La journée a d’abord été marquée par l’inauguration de la salle Joseph Zaarour et de la salle Saint-Jérôme, deux espaces entièrement réaménagés et équipés des technologies de visioconférence les plus récentes. Ces lieux, pensés comme des passerelles vers le monde, permettront d’intensifier les collaborations académiques internationales et d’offrir aux étudiants un environnement d’apprentissage adapté aux transformations profondes des métiers de la langue. Réalisé grâce au soutien généreux de l’Association ALAM-Suisse et de la Fondation USJ, ce projet a été salué par le Recteur, le Révérend Père Salim Daccache, s.j., comme un signe tangible de l’engagement de l’université à former des traducteurs et interprètes capables de répondre aux défis d’un monde en mutation.

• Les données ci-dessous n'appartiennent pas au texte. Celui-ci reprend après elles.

(* [eps1_re] and [eps1_im] are [eps1_part cos] and [eps1_part sin]. *)
Definition eps1_part (tr : R -> R) (y w : R) : R :=
  - ImpInt (fun t => tr (2 * PI * t * y) / (PI * t) * (ln t + 2 * EulerGamma)) w
  + tr (2 * PI * w * y) / w * Delta w
  - ImpInt (fun t => Delta t * tr (2 * PI * t * y) / t ^ 2) w.

Section Eps1PartBound.

Variables (c M A : R) (tr Tr : R -> R).
Hypothesis hc : 0 < c.
Hypothesis hlog : forall t, c <= t -> 1 + Rabs (ln t) + 2 * Rabs EulerGamma <= M * sqrt t.
Hypothesis hA : 0 <= A.
Hypothesis hDelta : forall t, 0 < t -> Rabs (Delta t) <= A * sqrt t.
Hypothesis hTr : forall u, is_derive Tr u (tr u).
Hypothesis hTr1 : forall u, Rabs (Tr u) <= 1.
Hypothesis htr1 : forall u, Rabs (tr u) <= 1.
Hypothesis htr : forall u, continuous tr u.

Lemma M_nonneg : 0 <= M.
Proof.
  pose proof (hlog c (Rle_refl c)). pose proof (sqrt_lt_R0 c hc).
  pose proof (Rabs_pos (ln c)). pose proof (Rabs_pos EulerGamma). nra.
Qed.

Lemma Rabs_log_weight_le t : c <= t -> Rabs (log_weight t) <= M / sqrt t.
Proof.
  intros ht. pose proof (hlog t ht). pose proof PI_ge_1 as hpi.
  pose proof (sqrt_lt_R0 t ltac:(lra)) as hs. pose proof (sqrt_sqrt t ltac:(lra)).
  pose proof (Rabs_triang (ln t) (2 * EulerGamma)) as htri.
  rewrite Rabs_mult, (Rabs_right 2) in htri by lra.
  unfold log_weight, Rdiv. rewrite Rabs_mult, Rabs_inv, (Rabs_right (PI * t)) by nra.
  apply (Rmult_le_reg_r (PI * t)); [nra|].
  rewrite Rmult_assoc, Rinv_l, Rmult_1_r by nra.
  replace (M * / sqrt t * (PI * t)) with (PI * (M * sqrt t))
    by (rewrite <- (sqrt_sqrt t) at 3 by lra; field; lra).
  pose proof (Rabs_pos (ln t)). pose proof (Rabs_pos EulerGamma).
  pose proof (Rmult_le_compat_r (M * sqrt t) 1 PI ltac:(lra) hpi). lra.
Qed.

Lemma Rabs_log_weight'_le t : c <= t -> Rabs (log_weight' t) <= M / (t * sqrt t).
Proof.
  intros ht. pose proof (hlog t ht). pose proof PI_ge_1 as hpi.
  pose proof (sqrt_lt_R0 t ltac:(lra)) as hs. pose proof (sqrt_sqrt t ltac:(lra)).
  assert (htri : Rabs (1 - (ln t + 2 * EulerGamma)) <= 1 + Rabs (ln t) + 2 * Rabs EulerGamma).
  { unfold Rminus. eapply Rle_trans; [apply Rabs_triang|]. rewrite Rabs_R1, Rabs_Ropp.
    pose proof (Rabs_triang (ln t) (2 * EulerGamma)).
    rewrite Rabs_mult, (Rabs_right 2) in * by lra. lra. }
  unfold log_weight', Rdiv. rewrite Rabs_mult, Rabs_inv, (Rabs_right (PI * t ^ 2)) by nra.
  apply (Rmult_le_reg_r (PI * t ^ 2)); [nra|].
  rewrite Rmult_assoc, Rinv_l, Rmult_1_r by nra.
  replace (M * / (t * sqrt t) * (PI * t ^ 2)) with (PI * (M * sqrt t))
    by (replace (t ^ 2) with (t * (sqrt t * sqrt t)) by (rewrite sqrt_sqrt; lra); field; lra).
  pose proof (Rabs_pos (ln t)). pose proof (Rabs_pos EulerGamma).
  pose proof (Rmult_le_compat_r (M * sqrt t) 1 PI ltac:(lra) hpi). lra.
Qed.

Lemma eps1_part_oscillatory_le y w : 0 < y -> c <= w ->
  Rabs (ImpInt (fun t => tr (2 * PI * t * y) / (PI * t) * (ln t + 2 * EulerGamma)) w)
    <= 2 * M / y / sqrt w.
Proof.
  intros hy hw. pose proof PI_ge_1 as hpi. assert (hPy : 0 < 2 * PI * y) by nra.
  assert (HF : forall t, is_derive (fun t => Tr (2 * PI * t * y) / (2 * PI * y)) t
                                   (tr (2 * PI * t * y))).
  { intros t. auto_derive; [eexists; apply hTr|].
    replace (Derive (fun x => Tr x) (2 * PI * t * y)) with (tr (2 * PI * t * y))
      by (symmetry; apply is_derive_unique, hTr).
    field. lra. }
  assert (Hf : forall t, continuous (fun t => tr (2 * PI * t * y)) t).
  { intros t. apply (continuous_comp (fun t => 2 * PI * t * y) tr); [|apply htr].
    apply (@ex_derive_continuous R_AbsRing R_NormedModule). auto_derive. auto. }
  assert (HFk : forall t, Rabs (Tr (2 * PI * t * y) / (2 * PI * y)) <= / (2 * PI * y)).
  { intros t. unfold Rdiv. rewrite Rabs_mult, Rabs_inv, (Rabs_right (2 * PI * y)) by lra.
    pose proof (hTr1 (2 * PI * t * y)). pose proof (Rinv_0_lt_compat _ hPy). nra. }
  assert (Hk : 4 * / (2 * PI * y) * M <= 2 * M / y).
  { replace (2 * M / y) with (4 * / (2 * y) * M) by (field; lra).
    pose proof M_nonneg. apply Rmult_le_compat_r, Rmult_le_compat_l; auto; [lra|].
    apply Rinv_le_contravar; nra. }
  apply ImpInt_abs_le. intros T hT.
  rewrite (RInt_ext _ (fun t => tr (2 * PI * t * y) * log_weight t)).
  2:{ intros t _. unfold log_weight. match goal with |- ?a = ?b => change (@eq R a b) end.
      unfold Rdiv. ring. }
  eapply Rle_trans.
  - apply (RInt_mul_le_by_parts (fun t => Tr (2 * PI * t * y) / (2 * PI * y)) _ _ log_weight'
             (/ (2 * PI * y)) M); auto; try lra.
    + apply Rlt_le, Rinv_0_lt_compat; lra.
    + apply M_nonneg.
    + intros t ht. apply is_derive_log_weight. lra.
    + intros t ht. apply continuous_log_weight'. lra.
    + intros t ht. apply Rabs_log_weight_le. lra.
    + intros t ht. apply Rabs_log_weight'_le. lra.
  - unfold Rdiv. apply Rmult_le_compat_r; [apply Rlt_le, Rinv_0_lt_compat, sqrt_lt_R0; lra|].
    unfold Rdiv in Hk. lra.
Qed.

L’anniversaire de l’ETIB a également été marqué par la signature d’un protocole d’entente instaurant un fonds de bourses baptisé « ETIB-45 ans ». Ce fonds, ouvert à la générosité des amis et partenaires de l’école, vise à garantir que les talents puissent s’épanouir indépendamment des contraintes financières. « Ce fonds est censé soutenir les étudiants de l’ETIB, afin que leur avenir soit à la hauteur de leurs rêves », a affirmé Mme Cynthia Ghobril Andrea, Directrice de la Fondation USJ, en soulignant que la formation aux métiers de la langue est une richesse qu’il faut protéger et encourager dans un contexte où les inquiétudes pour l’avenir sont nombreuses.



La cérémonie s’est poursuivie par une table ronde au titre évocateur : « Saint Jérôme à l’épreuve de l’intelligence artificielle ». Ce moment de réflexion a permis de croiser les regards d’universitaires, de chercheurs et de praticiens sur les bouleversements induits par les outils numériques. La Doyenne de la Faculté des langues et de traduction, le Pr. Gina Abou Fadel Saad, a rappelé que la traductologie, discipline qui a vu le jour au XXe siècle, traite aujourd’hui de questions complexes allant du fonctionnement cognitif du traducteur à l’usage raisonné de l’intelligence artificielle. Le Père Recteur a évoqué le débat historique entre saint Jérôme et saint Augustin sur la fidélité littérale, en soulignant que cette controverse trouve une résonance particulière face aux prouesses actuelles des machines : rapides et techniquement exactes, elles ne peuvent toutefois pas transmettre la profondeur spirituelle et culturelle d’un texte.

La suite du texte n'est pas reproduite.